У тебя на кону вся святая нелепость, бессмыслица.
Ты всё так же зовешь её истиной и проповедуешь гнилью истлевшей веры.
Из призраков-тайн вместо призраков прошлого. Улетай.
Таких вер сейчас много. Называются сектами.
Чёрными извращениями. Извещениями нечитанных писем.
Падай в незримое. И исчезай.

Иглы горят нестерпимой вечностью на затылке, пробираются в уши.
Расчерчивают тело изрезанным ржавым металлом.
Стенают и плачут. Вопят. Раскаляются.
Ты велишь им молчать, а они замыкаются где-то в районе сердца, и завтра снова примутся докучать.
Выгрызай свою кожу, не бодрствуй. Спи.
Чтобы больше ни слова.
Чтобы больше не было вязкой сладости-кисти.
Не рисуй ей.
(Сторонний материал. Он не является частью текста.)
Lemma peval_add p1 p2 x : peval (padd p1 p2) x = peval p1 x + peval p2 x.
Proof.
  revert p2; induction p1 as [|a p1 IH]; intros [|c p2]; simpl; try ring.
  rewrite IH; ring.
Qed.

Lemma peval_scal c p x : peval (pscal c p) x = c * peval p x.
Proof. induction p as [|a p IH]; simpl; [ring|]. rewrite IH; ring. Qed.

Lemma is_derive_peval p x : is_derive (peval p) x (peval (pder p) x).
Proof.
  induction p as [|a p IH]; simpl.
  - apply is_derive_Reals, derivable_pt_lim_const.
  - rewrite peval_add; simpl.
    apply is_derive_Reals.
    replace (peval p x + (0 + x * peval (pder p) x))
      with (0 + (1 * peval p x + x * peval (pder p) x)) by ring.
    apply (derivable_pt_lim_plus (fun _ => a) (fun y => y * peval p y));
      [apply derivable_pt_lim_const|].
    apply (derivable_pt_lim_mult id (peval p));
      [apply derivable_pt_lim_id | apply is_derive_Reals, IH].
Qed.

Lemma peval_bound p : exists c, forall x, Rabs (peval p x) <= c * (1 + Rabs x) ^ length p.
Proof.
  induction p as [|a p [c IH]]; simpl.
  - exists 0; intros x; rewrite Rabs_R0; lra.
  - exists (Rabs a + Rabs c); intros x.
    pose proof (Rabs_pos x) as Hx; pose proof (Rabs_pos a); pose proof (Rabs_pos c).
    pose proof (IH x) as Hp.
    assert (H1 : 1 <= (1 + Rabs x) ^ length p) by (apply pow_R1_Rle; lra).
    assert (Hc : c * (1 + Rabs x) ^ length p <= Rabs c * (1 + Rabs x) ^ length p)
      by (apply Rmult_le_compat_r; [lra | apply Rle_abs]).
    eapply Rle_trans; [apply Rabs_triang|]. rewrite Rabs_mult.
    set (P := (1 + Rabs x) ^ length p) in *.
    assert (Rabs x * Rabs (peval p x) <= Rabs x * (Rabs c * P))
      by (apply Rmult_le_compat_l; lra).
    assert (Rabs a * 1 <= Rabs a * ((1 + Rabs x) * P)) by (apply Rmult_le_compat_l; nra).
    nra.
Qed.

Definition gauss (p : list R) (x : R) : R := peval p x * exp (- (x * x)).

(* (P e^{-x^2})' = (P' - 2 x P) e^{-x^2} *)
Definition gauss_step (p : list R) : list R := padd (pder p) (pscal (-2) (0 :: p)).

Lemma is_derive_gauss p x : is_derive (gauss p) x (gauss (gauss_step p) x).
Proof.
  unfold gauss, gauss_step. rewrite peval_add, peval_scal; simpl.
  apply is_derive_Reals.
  replace ((peval (pder p) x + -2 * (0 + x * peval p x)) * exp (- (x * x)))
    with (peval (pder p) x * exp (- (x * x)) + peval p x * (exp (- (x * x)) * - (1 * x + x * 1)))
    by ring.
  apply (derivable_pt_lim_mult (peval p) (fun y => exp (- (y * y))));
    [apply is_derive_Reals, is_derive_peval|].
  apply (derivable_pt_lim_comp (fun y => - (y * y)) exp).
  - apply derivable_pt_lim_opp, derivable_pt_lim_mult; apply derivable_pt_lim_id.
  - apply derivable_pt_lim_exp.
Qed.

Lemma exp_le_compat a b : a <= b -> exp a <= exp b.
Proof. intros [H | ->]; [left; apply exp_increasing, H | right; reflexivity]. Qed.

Lemma exp_INR_mul n t : exp (INR n * t) = exp t ^ n.
Proof.
  induction n as [|n IH]; simpl.
  - rewrite Rmult_0_l; apply exp_0.
  - rewrite <- IH, <- exp_plus. f_equal. destruct n; simpl; ring.
Qed.

Lemma pow_mul_exp_bounded n : exists K, forall x, (1 + Rabs x) ^ n * exp (- (x * x)) <= K.
Proof.
  exists (exp (INR n * INR n / 4)); intros x.
  pose proof (Rabs_pos x) as Ht.
  assert (Hxx : x * x = Rabs x * Rabs x) by (rewrite <- Rabs_mult, Rabs_pos_eq; nra).
  assert (H1 : (1 + Rabs x) ^ n <= exp (INR n * Rabs x)).
  { rewrite exp_INR_mul. apply pow_incr. split; [lra | apply exp_ineq1_le]. }
  eapply Rle_trans; [apply Rmult_le_compat_r; [left; apply exp_pos | exact H1]|].
  rewrite <- exp_plus, Hxx.
  apply exp_le_compat.
  pose proof (pow2_ge_0 (Rabs x - INR n / 2)); nra.
Qed.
Сломай.
Положи на самое видное место.

Снова сходишь с ума, проклинаешь и таешь.
От крайности.
Может, уже не проснёшься.
От тысячи маленьких стройных игл.
Первобытных игр и жертвенной пляски на вертеле.
С первобытным мужчиной и женщиной в ярких одеждах побежишь завещать ключи от недавно распятого сердца.

А иглы тревожно цепляются за самую светлую суть и искоса смотрят на вечность.
Блеснуть не удастся. Им только ржаветь и метаться, кидаться в тебя-забытое, в тебя-нераскрытое, в тебя-навсегда.
Игры порочны. Иглы непрочны.
Сон прекращается. Разум рождает новую светлую мысль с печальным концом.
Моё дерево вышито чёрным. Гниёт первозданной верой-неверием.
Дышит-шипит, переливается ртутью и мертвенно-бледной зарёй.

Вышивай.

Ты следующая.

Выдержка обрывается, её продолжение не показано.